Reproduce, exactly, the lines of the material below from the line containing "Lemma alpha_iso_card : (1" through the line containing "Lemma alpha_iso_preimage (A", with both end lines included and nothing else.

# Data extract:
★ ★ ★ ★ ★
(* Let $G=(V,E)$ be a fixed graph, $v,u$ two non-adjacent vertices, and $k$ an integer. Assume that for some $\alpha\in[0,1]$, for all $c,q\in[k]$ with $c\ne q$, the set $\Omega(c,c)$ is $\alpha$-isomorphic to $\Omega(q,c)$ with $\alpha$-function $H(\cdot,q)$. Let $\nu$ be the uniform distribution over the good $k$-colourings of $G$, and let $\nu'$ be the distribution of the output of STEP when its input colouring is uniformly distributed over the $k$-colourings of $G$. Then $\|\nu-\nu'\|\le\alpha$.
   Context: $[k]=\{1,\dots,k\}$; $\Omega$ is the set of proper $k$-colourings of $G$ (assumed non-empty), $\sigma_w$ the colour of $w$, and $\Omega(c,q)$ the set of $\sigma\in\Omega$ with $\sigma_v=c,\sigma_u=q$. A colouring $\sigma$ is good if $\sigma_v\ne\sigma_u$ and bad otherwise. $\|\nu_a-\nu_b\|=\max_{A\subseteq[k]^V}|\nu_a(A)-\nu_b(A)|$. Disagreement graph: for $\sigma\in\Omega$ and $q\ne\sigma_v$, $Q_{\sigma_v,q}$ is the subgraph induced by all vertices reachable from $v$ by a path in $G$ all of whose vertices have colour in $\{\sigma_v,q\}$. The $q$-switching $H(\sigma,q)$ swaps the colours $\sigma_v$ and $q$ on the vertices of $Q_{\sigma_v,q}$, leaving other vertices unchanged. STEP: on input $X\in\Omega$, if $X$ is good output $X$; if $X$ is bad choose $q$ uniformly at random from $[k]\setminus\{X(v)\}$ and output $H(X,q)$. $\alpha$-isomorphism: $\Omega_1$ is $\alpha$-isomorphic to $\Omega_2$ if there exist $\Omega_1'\subseteq\Omega_1$, $\Omega_2'\subseteq\Omega_2$ with $|\Omega_i'|\ge(1-\alpha)|\Omega_i|$ ($i=1,2$) and a bijection $h:\Omega_1'\to\Omega_2'$; a map $F:\Omega_1\to[k]^V$ is an $\alpha$-function (for such a pair and bijection) if $F(\sigma)=h(\sigma)$ for all $\sigma\in\Omega_1'$. *)

From mathcomp Require Import all_boot all_order all_algebra.
Set Implicit Arguments. Unset Strict Implicit. Unset Printing Implicit Defensive.
Import Order.TTheory GRing.Theory Num.Theory.
Local Open Scope ring_scope.

(* The graph G = (V, E) is a symmetric irreflexive relation e on a finType V.
   Colours [k] = {1..k} are represented by 'I_k = {0..k-1}.
   A colouring is an element of [k]^V, i.e. {ffun V -> 'I_k}. *)
Definition colouring (V : finType) (k : nat) := {ffun V -> 'I_k}.

Section Defs.
Variables (V : finType) (e : rel V) (k : nat) (v u : V).

Definition proper (s : colouring V k) : bool :=
  [forall x, forall y, e x y ==> (s x != s y)].

Definition Omega : {set colouring V k} := [set s | proper s].

Definition Omega_cq (c q : 'I_k) : {set colouring V k} :=
  [set s in Omega | (s v == c) && (s u == q)].

Definition good (s : colouring V k) : bool := s v != s u.

Definition Good : {set colouring V k} := [set s in Omega | good s].

Definition Qset (s : colouring V k) (q : 'I_k) : {set V} :=
  [set w | connect (fun x y => [&& e x y, s x \in [:: s v; q] & s y \in [:: s v; q]]) v w].

Definition Hswitch (s : colouring V k) (q : 'I_k) : colouring V k :=
  [ffun w => if w \in Qset s q then
               (if s w == s v then q else if s w == q then s v else s w)
             else s w].

Definition alpha_iso (R : numDomainType) (alpha : R)
    (O1 O2 : {set colouring V k}) (F : colouring V k -> colouring V k) : Prop :=
  exists (O1' O2' : {set colouring V k}) (h : colouring V k -> colouring V k),
    [/\ O1' \subset O1, O2' \subset O2,
        (1 - alpha) * #|O1|%:R <= #|O1'|%:R,
        (1 - alpha) * #|O2|%:R <= #|O2'|%:R &
        [/\ {in O1', forall x, h x \in O2'},
            {in O1' &, injective h},
            {in O2', forall y, exists2 x, x \in O1' & h x = y} &
            {in O1', forall x, F x = h x}]].

Definition nu (R : fieldType) (A : {set colouring V k}) : R :=
  #|A :&: Good|%:R / #|Good|%:R.

(* nu': distribution of STEP(X) for X uniform over Omega.  If X is good the
   output is X; otherwise q is uniform over [k] \ {X(v)} and output H(X,q). *)
Definition nu' (R : fieldType) (A : {set colouring V k}) : R :=
  (#|Omega|%:R)^-1 *
  \sum_(s in Omega)
     (if good s then (s \in A)%:R
      else ((k.-1)%:R)^-1 * \sum_(q : 'I_k | q != s v) (Hswitch s q \in A)%:R).

End Defs.

From mathcomp Require Import all_boot all_order all_algebra.
From mathcomp Require Import zify ring lra.
Import Order.TTheory GRing.Theory Num.Theory.
Set Implicit Arguments. Unset Strict Implicit. Unset Printing Implicit Defensive.
Local Open Scope ring_scope.

(* Split the colourings by the colours (c, q) of (v, u): the good ones are the
   Omega(q,c) with q != c, the bad ones the Omega(c,c).  STEP moves a bad
   colouring of Omega(c,c) into Omega(q,c) by H(.,q) with probability 1/(k-1),
   and the alpha-isomorphism shows that this hits A :&: Omega(q,c) at least
   |A :&: Omega(q,c)| - alpha |Omega(q,c)| times, while
   (1 - alpha) |Omega(c,c)| <= |Omega(q,c)|.  Summing over (c, q), an
   elementary estimate on ratios gives nu(A) - nu'(A) <= alpha; the other
   inequality is the same bound for the complement of A. *)

Lemma sumr_indicator (R : pzSemiRingType) (T : finType) (X : {set T}) (P : pred T) :
  \sum_(s in X) (P s)%:R = #|[set s in X | P s]|%:R :> R.
Proof.
rewrite -sum1_card natr_sum [LHS]big_mkcond [RHS]big_mkcond /=.
by apply: eq_bigr => s _; rewrite inE; case: (s \in X); case: (P s).
Qed.

Lemma sumr_const_neq (R : pzSemiRingType) (T : finType) (c : T) (x : R) :
  \sum_(q | q != c) x = #|T|.-1%:R * x.
Proof.
by rewrite (eq_bigl (mem (predC1 c))) // sumr_const cardC1 mulr_natl.
Qed.

Lemma ratio_gap_le (R : realFieldType) (a G B S K alpha : R) :
  0 <= alpha <= 1 -> 1 <= K -> 0 <= B -> 0 < G -> 0 <= a <= G -> 0 <= S ->
  a - alpha * G <= K * S -> K * (1 - alpha) * B <= G ->
  a / G - (a + S) / (G + B) <= alpha.
Proof.
move=> /andP[alpha_ge0 alpha_le1] K_ge1 B_ge0 G_gt0 /andP[a_ge0 a_leG] S_ge0 aS BG.
have GB_gt0 : 0 < G + B by lra.
have -> : a / G - (a + S) / (G + B) = (a * B - G * S) / (G * (G + B)).
  by field; rewrite !gt_eqF.
rewrite ler_pdivrMr ?mulr_gt0 //.
have [a_le | a_gt] := lerP a (alpha * G); first nra.
have d_ge0 : 0 <= a - alpha * G by rewrite subr_ge0 ltW.
have BG1 : (1 - alpha) * B <= G by nra.
have Bd : B * (a - alpha * G) <= G * G by nra.
set d := a - alpha * G in d_ge0 Bd *.
rewrite -(ler_pM2l (_ : 0 < K)); last by lra.
have h1 : K * (1 - alpha) * B * d <= G * d by rewrite ler_wpM2r.
have h2 : G * d <= G * (K * S) by rewrite ler_wpM2l // ltW.
have h3 : K * alpha * (B * d) <= K * alpha * (G * G).
  by rewrite ler_wpM2l // mulr_ge0 //; lra.
rewrite /d in h1 h2 h3; lra.
Qed.

Section AlphaIsomorphism.
Variables (R : realFieldType) (V : finType) (k : nat) (alpha : R).
Variables (O1 O2 : {set colouring V k}) (F : colouring V k -> colouring V k).
Hypothesis iso : alpha_iso alpha O1 O2 F.

Lemma alpha_isoP : exists O1' : {set colouring V k},
  [/\ O1' \subset O1, F @: O1' \subset O2, {in O1' &, injective F},
      (1 - alpha) * #|O1|%:R <= #|O1'|%:R & (1 - alpha) * #|O2|%:R <= #|O1'|%:R].
Proof.
case: iso => O1' [O2' [h [sO1 sO2 cardO1 cardO2 [hO2 h_inj h_onto hF]]]].
have FO1' : F @: O1' = O2'.
  apply/setP => y; apply/imsetP/idP => [[x xO1' ->]|yO2']; first by rewrite hF ?hO2.
  by have [x xO1' <-] := h_onto y yO2'; exists x; rewrite ?hF.
have F_inj : {in O1' &, injective F}.
  by move=> x y xO1' yO1'; rewrite !hF //; apply: h_inj.
exists O1'; split=> //; first by rewrite FO1'.
by rewrite -(card_in_imset F_inj) FO1'.
Qed.

Lemma alpha_iso_card : (1 - alpha) * #|O1|%:R <= #|O2|%:R.
Proof.
have [O1' [_ sFO2 F_inj cardO1 _]] := alpha_isoP.
by apply: le_trans cardO1 _; rewrite ler_nat -(card_in_imset F_inj) subset_leq_card.
Qed.

Lemma alpha_iso_preimage (A : {set colouring V k}) :
  #|A :&: O2|%:R - alpha * #|O2|%:R <= #|[set x in O1 | F x \in A]|%:R.
Proof.
have [O1' [sO1 sFO2 F_inj _ cardO2]] := alpha_isoP.
set O2' := F @: O1'.
have in_image : (#|A :&: O2 :&: O2'| <= #|[set x in O1 | F x \in A]|)%N.
  set P := [set x in O1' | F x \in A].
  have P_inj : {in P &, injective F}.
    by apply: sub_in2 F_inj => x; rewrite inE => /andP[].
  apply: (@leq_trans #|F @: P|).
    apply/subset_leq_card/subsetP => y /setIP[/setIP[yA _] /imsetP[x xO1' yE]].
    by rewrite yE imset_f // inE xO1' -yE.
  rewrite card_in_imset //; apply/subset_leq_card/subsetP => x.
  by rewrite !inE => /andP[/(subsetP sO1) -> ->].
have off_image : (#|A :&: O2 :\: O2'| <= #|O2 :\: O2'|)%N.
  by apply/subset_leq_card/setSD/subsetIr.
have splitO2 : (#|O2'| + #|O2 :\: O2'| = #|O2|)%N.
  by rewrite -(cardsID O2' O2) (setIidPr sFO2).
have splitA := cardsID O2' (A :&: O2).
have cardO2' : #|O2'| = #|O1'| := card_in_imset F_inj.
have : (#|A :&: O2| + #|O1'| <= #|[set x in O1 | F x \in A]| + #|O2|)%N.
  by rewrite -splitA -cardO2' -splitO2 addnAC addnA !leq_add.
rewrite -(ler_nat R) !natrD => count; lra.
Qed.

End AlphaIsomorphism.

Section Step.
Variables (R : realFieldType) (V : finType) (e : rel V) (k : nat) (v u : V).

Definition step_prob (s : colouring V k) (A : {set colouring V k}) : R :=
  if good v u s then (s \in A)%:R
  else (k.-1%:R)^-1 * \sum_(q : 'I_k | q != s v) (Hswitch e v s q \in A)%:R.

Lemma nu'E (A : {set colouring V k}) :
  nu' e v u R A = (#|Omega e k|%:R)^-1 * \sum_(s in Omega e k) step_prob s A.
Proof. by []. Qed.

Lemma card_Good_setI (X : {set colouring V k}) :
  (\sum_(c : 'I_k) \sum_(q | q != c) #|X :&: Omega_cq e v u q c|)%N
    = #|X :&: Good e k v u|.
Proof.
rewrite -sum1_card (partition_big (fun s : colouring V k => s u) predT) //=.
apply: eq_bigr => c _.
rewrite (partition_big (fun s : colouring V k => s v) (fun q => q != c)) => [|s].
  apply: eq_bigr => q qc; rewrite -sum1_card; apply: eq_bigl => s.
  rewrite /Good /Omega_cq /good !inE.
  by case: eqVneq => [->|]; case: eqVneq => [->|]; rewrite ?qc ?andbF ?andbT.
by rewrite /Good /good !inE => /andP[/andP[_ /andP[_ sv_su]] /eqP <-].
Qed.

Lemma card_Good :
  (\sum_(c : 'I_k) \sum_(q | q != c) #|Omega_cq e v u q c|)%N = #|Good e k v u|.
Proof.
rewrite -[Good e k v u]setTI -card_Good_setI.
by apply: eq_bigr => c _; apply: eq_bigr => q _; rewrite setTI.
Qed.

Lemma big_bad_diag (F : colouring V k -> R) :
  \sum_(s in Omega e k | ~~ good v u s) F s
    = \sum_(c : 'I_k) \sum_(s in Omega_cq e v u c c) F s.
Proof.
rewrite (partition_big (fun s : colouring V k => s v) predT) //=.
apply: eq_bigr => c _; apply: eq_bigl => s.
rewrite /Omega_cq /good !inE negbK -andbA.
by case: (eqVneq (s v) c) => [->|_]; rewrite ?eqxx ?(eq_sym c) ?andbT ?andbF.
Qed.

Lemma card_Omega_Good_diag :
  #|Omega e k|%:R = #|Good e k v u|%:R + \sum_(c : 'I_k) #|Omega_cq e v u c c|%:R :> R.
Proof.
rewrite -sum1_card natr_sum (bigID (good v u)) /=; congr (_ + _).
  by rewrite -sum1_card natr_sum; apply: eq_bigl => s; rewrite /Good !inE.
by rewrite big_bad_diag; apply: eq_bigr => c _; rewrite -sum1_card natr_sum.
Qed.

Lemma big_step_prob_Good (A : {set colouring V k}) :
  \sum_(s in Omega e k | good v u s) step_prob s A = #|A :&: Good e k v u|%:R.
Proof.
rewrite (eq_bigr (fun s => (s \in A)%:R)) => [|s /andP[_ gs]]; last by rewrite /step_prob gs.
rewrite (eq_bigl (mem (Good e k v u))) => [|s]; last by rewrite /Good !inE.
by rewrite sumr_indicator; congr (_%:R); apply: eq_card => s; rewrite !inE andbC.
Qed.

Lemma Good_neq0_k_gt1 : Good e k v u != set0 -> (1 < k)%N.
Proof.
case/set0Pn=> s; rewrite !inE /good => /andP[_ suv].
by have := max_card [set s v; s u]; rewrite cards2 suv card_ord.
Qed.

Lemma step_prob_ge0 (A : {set colouring V k}) (s : colouring V k) :
  0 <= step_prob s A.
Proof.
rewrite /step_prob; case: good => //.
by rewrite mulr_ge0 ?invr_ge0 // sumr_ge0.
Qed.

Lemma nu_setC (A : {set colouring V k}) :
  Good e k v u != set0 -> nu e v u R (~: A) = 1 - nu e v u R A.
Proof.
rewrite -card_gt0 -(ltr0n R) => G_gt0.
have GC : ~: A :&: Good e k v u = Good e k v u :\: A by rewrite setDE setIC.
rewrite /nu GC setIC -(cardsID A (Good e k v u)) natrD in G_gt0 *.
by field; rewrite gt_eqF.
Qed.

Section StepProb.
Hypothesis k_gt1 : (1 < k)%N.

Let K_neq0 : k.-1%:R != 0 :> R.
Proof. by rewrite pnatr_eq0; lia. Qed.

Lemma step_prob_diag (A : {set colouring V k}) (c : 'I_k) (s : colouring V k) :
  s \in Omega_cq e v u c c ->
  k.-1%:R * step_prob s A = \sum_(q | q != c) (Hswitch e v s q \in A)%:R.
Proof.
rewrite inE => /and3P[_ /eqP sv /eqP su].
by rewrite /step_prob /good sv su eqxx /= mulrA mulfV ?mul1r.
Qed.

Lemma step_prob_setC (A : {set colouring V k}) (s : colouring V k) :
  step_prob s (~: A) = 1 - step_prob s A.
Proof.
have indC x : (x \in ~: A)%:R = 1 - (x \in A)%:R :> R.
  by rewrite inE; case: (x \in A); rewrite ?subr0 ?subrr.
rewrite /step_prob; case: good; first exact: indC.
rewrite (eq_bigr _ (fun q _ => indC _)) sumrB sumr_const_neq card_ord mulr1.
by rewrite mulrBr mulVf.
Qed.

Lemma nu'_setC (A : {set colouring V k}) :
  Omega e k != set0 -> nu' e v u R (~: A) = 1 - nu' e v u R A.
Proof.
rewrite -card_gt0 -(ltr0n R) => N_gt0.
rewrite !nu'E (eq_bigr _ (fun s _ => step_prob_setC A s)) sumrB sumr_const.
by rewrite mulrBr -[1 *+ _]/(_%:R) mulVf ?gt_eqF.
Qed.

Variable alpha : R.
Hypothesis iso : forall c q : 'I_k, c != q ->
  alpha_iso alpha (Omega_cq e v u c c) (Omega_cq e v u q c) (fun s => Hswitch e v s q).

Lemma card_diag_le_Good :
  k.-1%:R * (1 - alpha) * \sum_(c : 'I_k) #|Omega_cq e v u c c|%:R
    <= #|Good e k v u|%:R.
Proof.
rewrite -card_Good natr_sum mulr_sumr.
apply: ler_sum => c _.
rewrite natr_sum -mulrA -[in k.-1](card_ord k) -(sumr_const_neq c).
apply: ler_sum => q qc.
by apply: alpha_iso_card; apply: iso; rewrite eq_sym.
Qed.

Lemma Good_sub_le_bad_step (A : {set colouring V k}) :
  #|A :&: Good e k v u|%:R - alpha * #|Good e k v u|%:R
    <= k.-1%:R * \sum_(s in Omega e k | ~~ good v u s) step_prob s A.
Proof.
rewrite big_bad_diag mulr_sumr -card_Good -card_Good_setI.
rewrite !natr_sum mulr_sumr -sumrB; apply: ler_sum => c _.
rewrite mulr_sumr (eq_bigr _ (@step_prob_diag A c)).
rewrite exchange_big !natr_sum mulr_sumr -sumrB; apply: ler_sum => q qc.
rewrite sumr_indicator.
by apply: alpha_iso_preimage; apply: iso; rewrite eq_sym.
Qed.

Lemma nu_sub_nu'_le (A : {set colouring V k}) :
  Good e k v u != set0 -> 0 <= alpha <= 1 -> nu e v u R A - nu' e v u R A <= alpha.
Proof.
move=> Good_neq0 alpha01.
rewrite /nu nu'E card_Omega_Good_diag (bigID (good v u)) /= big_step_prob_Good.
rewrite [X in _ - X]mulrC.
apply: (@ratio_gap_le R _ _ _ _ k.-1%:R) => //.
- by rewrite ler1n; lia.
- by rewrite sumr_ge0.
- by rewrite ltr0n card_gt0.
- by rewrite ler0n ler_nat subset_leq_card // subsetIr.
- by rewrite sumr_ge0 // => s _; apply: step_prob_ge0.
- exact: Good_sub_le_bad_step.
- exact: card_diag_le_Good.
Qed.

End StepProb.
End Step.

Theorem theorem3 (R : realFieldType) (V : finType) (e : rel V) (k : nat)
    (v u : V) (alpha : R) :
  symmetric e -> irreflexive e ->
  v != u -> ~~ e v u ->
  Omega e k != set0 ->
  Good e k v u != set0 ->
  0 <= alpha <= 1 ->
  (forall c q : 'I_k, c != q ->
     alpha_iso alpha (Omega_cq e v u c c) (Omega_cq e v u q c)
               (fun s => Hswitch e v s q)) ->
  forall A : {set colouring V k},
    `| nu e v u R A - nu' e v u R A | <= alpha.
Proof.
move=> _ _ _ _ Omega_neq0 Good_neq0 alpha01 iso A.
have k_gt1 := Good_neq0_k_gt1 Good_neq0.
have lower := nu_sub_nu'_le k_gt1 iso.
rewrite ler_norml lower // andbT.
have := lower (~: A) Good_neq0 alpha01.
by rewrite nu_setC // nu'_setC //; lra.
Qed.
★ ★ ★ ★ ★
# Answer section:
Lemma alpha_iso_card : (1 - alpha) * #|O1|%:R <= #|O2|%:R.
Proof.
have [O1' [_ sFO2 F_inj cardO1 _]] := alpha_isoP.
by apply: le_trans cardO1 _; rewrite ler_nat -(card_in_imset F_inj) subset_leq_card.
Qed.

Lemma alpha_iso_preimage (A : {set colouring V k}) :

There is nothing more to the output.